Al Shams Investments Critiques Braemar Board for Self-Dealing Act That Hurts Shareholders

Al Shams Investments Challenges Braemar's Self-Dealing Decision



Al Shams Investments Limited is taking a strong stand against the Braemar Hotels & Resorts Inc. board following a controversial decision that has raised eyebrows among shareholders. In a recent open letter, Al Shams, as the largest stakeholder with substantial equity in Braemar, accused the board of endorsing a sale of three hotel properties, which in turn lined the pockets of Monty Bennett, the company chair. This calculated move has resulted in a staggering $480 million 'termination fee' payable to a company under Bennett's control, and Al Shams is not pleased.

Context of Braemar's Decision


The backdrop of this dispute dates back to multiple communications from Al Shams, urging the board to refrain from executing any transaction without the approval of its shareholders. Their concerns were brushed aside, leading to this act of what they deem self-serving behavior by the board—a move that they argue represents a blatant disregard for the rights of the actual shareholders.

Wafic Rida Said, the ultimate beneficial owner of Al Shams, voiced that he typically avoids confrontations. However, he labeled the actions taken by Bennett as a 'moral outrage,' suggesting that it represents a severe manipulation of governance aimed solely at personal enrichment. The letter echoed a frustration felt among many investors: that Bennett's exploits have come at the cost of the shareholders who have significantly folded losses, with Braemar's stock plummeting by nearly 90% since its detachment from Ashford Hospitality Trust.

Direct Consequences


As a result of the decisions made, Braemar's stock price fell by 15% within two days of the announcement. Once valued much higher, it now stands at a meager $2.10 per share, presenting a stark contrast to the payment Bennett planned for himself—which equates to approximately $7 per share.
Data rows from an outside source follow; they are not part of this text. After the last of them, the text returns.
(* On every nondegenerate TNECP instance (and for every choice of $j^\star\in[n]$), the tropical Lemke--Howson algorithm terminates after a finite number of iterations with a fully labeled tropical basis $B$ distinct from $[n]\times\{\text{blue}\}$.
   Context: $\mathbb{T}=\mathbb{R}\cup\{-\infty\}$ with $\oplus=\max$, $\odot=+$. A TNECP instance is $M\in\mathbb{T}^{n\times n}$, $q\in\mathbb{T}^n$ with no all-$(-\infty)$ column in $M$ and no $-\infty$ entry in $q$; it is nondegenerate if for each $j\in[n]$ the minimum $\min_k(q_k-M_{kj})$ is attained by exactly one $k$ (convention $a-(-\infty)=+\infty$). Write $w\oplus M\odot z=q$ as $A\odot x=q$ with columns indexed by $[n]\uplus[n]:=([n]\times\{\text{blue}\})\cup([n]\times\{\text{red}\})$: column $(i,\text{blue})$ has $0$ in row $i$ and $-\infty$ elsewhere; column $(j,\text{red})$ is column $j$ of $M$. A tropical basis of $A\odot x=b$ ($A\in\mathbb{T}^{n\times d}$) is a set $B$ of $n$ column indices with a bijection $\phi:[n]\to B$ such that for each $i$, $b_i-A_{i\phi(i)}\in\mathbb{T}$ is minimal among $b_k-A_{k\phi(i)}$, $k\in[n]$. The label of $(k,c)$ is $k$; $(k,\text{blue})$ and $(k,\text{red})$ are twins; a basis is fully labeled if every label of $[n]$ appears in it. Tropical Lemke--Howson algorithm with parameter $j^\star\in[n]$: $B\leftarrow[n]\times\{\text{blue}\}$, $\gamma\leftarrow(j^\star,\text{red})$; loop: $B'\leftarrow$ the unique tropical basis contained in $B\cup\{\gamma\}$ and different from $B$; $\gamma\leftarrow$ twin of the unique element of $B\setminus B'$; $B\leftarrow B'$; if $B$ is fully labeled, stop. *)

(* Tropical semiring T = R u {-oo}, encoded as [option R]
   with [None] = -oo and [Some x] = x. *)
From mathcomp Require Import all_boot all_order all_algebra.
Set Implicit Arguments. Unset Strict Implicit. Unset Printing Implicit Defensive.
Import Order.TTheory GRing.Theory Num.Theory.
Local Open Scope ring_scope.

Notation blue := false.
Notation red := true.

Notation colidx n := ('I_n * bool)%type.

(* The matrix A of the system  w (+) M (.) z = q  written as  A (.) x = q:
   column (i,blue) has 0 in row i and -oo elsewhere; column (j,red) is
   column j of M. *)
Definition tnecpA (R : realFieldType) (n : nat) (M : 'M[option R]_n)
    (k : 'I_n) (c : colidx n) : option R :=
  let: (j, col) := c in
  if col then M k j else (if k == j then Some 0 else None).

(* [attains_min A b i c]: b_i - A_{i c} is finite (i.e. A_{i c} <> -oo)
   and is minimal among all b_k - A_{k c}, k in [n]
   (with the convention a - (-oo) = +oo). *)
Definition attains_min (R : realFieldType) (n : nat) (C : Type)
    (A : 'I_n -> C -> option R) (b : 'I_n -> R) (i : 'I_n) (c : C) : Prop :=
  exists a, A i c = Some a /\
    (forall (k : 'I_n) (a' : R), A k c = Some a' -> b i - a <= b k - a').

Definition trop_basis (R : realFieldType) (n : nat) (C : finType)
    (A : 'I_n -> C -> option R) (b : 'I_n -> R) (B : {set C}) : Prop :=
  #|B| = n /\
  exists phi : 'I_n -> C,
    [/\ injective phi, phi @: setT = B & forall i, attains_min A b i (phi i)].

Definition tnecp_nondegenerate (R : realFieldType) (n : nat) (M : 'M[option R]_n)
    (q : 'I_n -> R) : Prop :=
  forall j : 'I_n, exists k : 'I_n,
    attains_min (fun k j => M k j) q k j /\
    (forall k', attains_min (fun k j => M k j) q k' j -> k' = k).

Definition no_neginf_column (R : realFieldType) (n : nat) (M : 'M[option R]_n)
  : Prop := forall j : 'I_n, exists k : 'I_n, M k j <> None.

Definition label n (c : colidx n) : 'I_n := c.1.
Definition twin n (c : colidx n) : colidx n := (c.1, ~~ c.2).
Definition fully_labeled n (B : {set colidx n}) : Prop :=
  forall l : 'I_n, exists c, c \in B /\ label c = l.

Definition blue_basis n : {set colidx n} := [set c | c.2 == blue].

Definition LH_step (R : realFieldType) (n : nat) (M : 'M[option R]_n)
    (q : 'I_n -> R) (B : {set colidx n}) (g : colidx n)
    (B' : {set colidx n}) (g' : colidx n) : Prop :=
  [/\ trop_basis (tnecpA M) q B',
      B' \subset g |: B,
      B' != B,
      (forall B'', trop_basis (tnecpA M) q B'' -> B'' \subset g |: B ->
                   B'' != B -> B'' = B')
    & exists e, B :\: B' = [set e] /\ g' = twin e].

Definition LH_terminates_with (R : realFieldType) (n : nat)
    (M : 'M[option R]_n) (q : 'I_n -> R) (jstar : 'I_n) (T : nat)
    (Bs : nat -> {set colidx n}) (gs : nat -> colidx n) : Prop :=
  [/\ Bs 0%N = blue_basis n /\ gs 0%N = (jstar, red),
      (0 < T)%N,
      (forall t, (t < T)%N -> LH_step M q (Bs t) (gs t) (Bs t.+1) (gs t.+1)),
      (forall t, (0 < t < T)%N -> ~ fully_labeled (Bs t))
    & fully_labeled (Bs T)].

From mathcomp Require Import all_boot all_order all_algebra.
From mathcomp Require Import zify.
Set Implicit Arguments.
Unset Strict Implicit.
Unset Printing Implicit Defensive.

(* Nondegeneracy gives every column c a unique row r c attaining its minimum, so
   the tropical bases are exactly the transversals of r (sets of columns on
   which r is a bijection onto [n]), and an iteration of the algorithm is a
   pivot: the entering column replaces the basis column lying in its row.
   Along the run, B together with the entering column carries every label, and
   only label j* twice; the run stops exactly when the leaving column has
   label j*.  A pivot is undone by pivoting back in the leaving column, so
   the step map is injective on such states and reversing the entering column
   turns a run into a run.  Injectivity in a finite state space forces the run
   to come back to its fully labeled start unless it stops earlier.  If it
   stopped at the blue basis, its last state would be the reversal of its
   first one, the whole run would be a palindrome, and its middle state would
   be the reversal of itself or of its successor, which is impossible. *)

Section Transversal.
Variables (n : nat) (C : finType) (r : C -> 'I_n).

Definition transversal (B : {set C}) : Prop :=
  (forall k, exists2 c, c \in B & r c = k) /\ {in B &, injective r}.

Definition pivot (B : {set C}) (g : C) : C :=
  odflt g [pick c in B | r c == r g].

Definition pivot_step (B : {set C}) (g : C) : {set C} := g |: (B :\ pivot B g).

Lemma card_transversal B : transversal B -> #|B| = n.
Proof.
case=> onto inj; rewrite -(card_in_imset inj).
have -> : r @: B = setT.
  by apply/setP=> k; rewrite inE; have [c cB <-] := onto k; apply: imset_f.
by rewrite cardsT card_ord.
Qed.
Al Shams has publicly vowed to hold the board accountable for what they describe as grave misconduct, indicating plans to take necessary legal actions against all involved parties and aggressively contest any future board nominations that are not genuinely independent. This declaration ramps up the stakes for an annual meeting where shareholders, feeling cheated by the current administration, are seeking a change.

Commitment to Shareholders


Al Shams expressed its commitment to protecting shareholders’ interests, vowing to pursue all available avenues, including the nomination of a new board slate that will ensure fiduciary duties are respected. They have also called for an immediate annual meeting, which the current board appears reluctant to facilitate.

The position taken by Al Shams underscores broader issues of corporate governance, particularly the conflicts of interest that can arise when decision-making powers are concentrated in the hands of a few. The letter serves as both a warning and a rallying cry for shareholders who feel sidelined by the recent developments.

Conclusion


This controversy is far from over. Al Shams Investments is poised to enter a prolonged struggle to reclaim control and integrity within Braemar's governance. Shareholders and analysts alike will be keenly watching how this unfolding drama impacts not only the company's operational strategies but also its commitment to transparency and accountability. As the legal and financial ramifications develop, it may signal a turning point for what many see as a critical juncture in Braemar's corporate trajectory.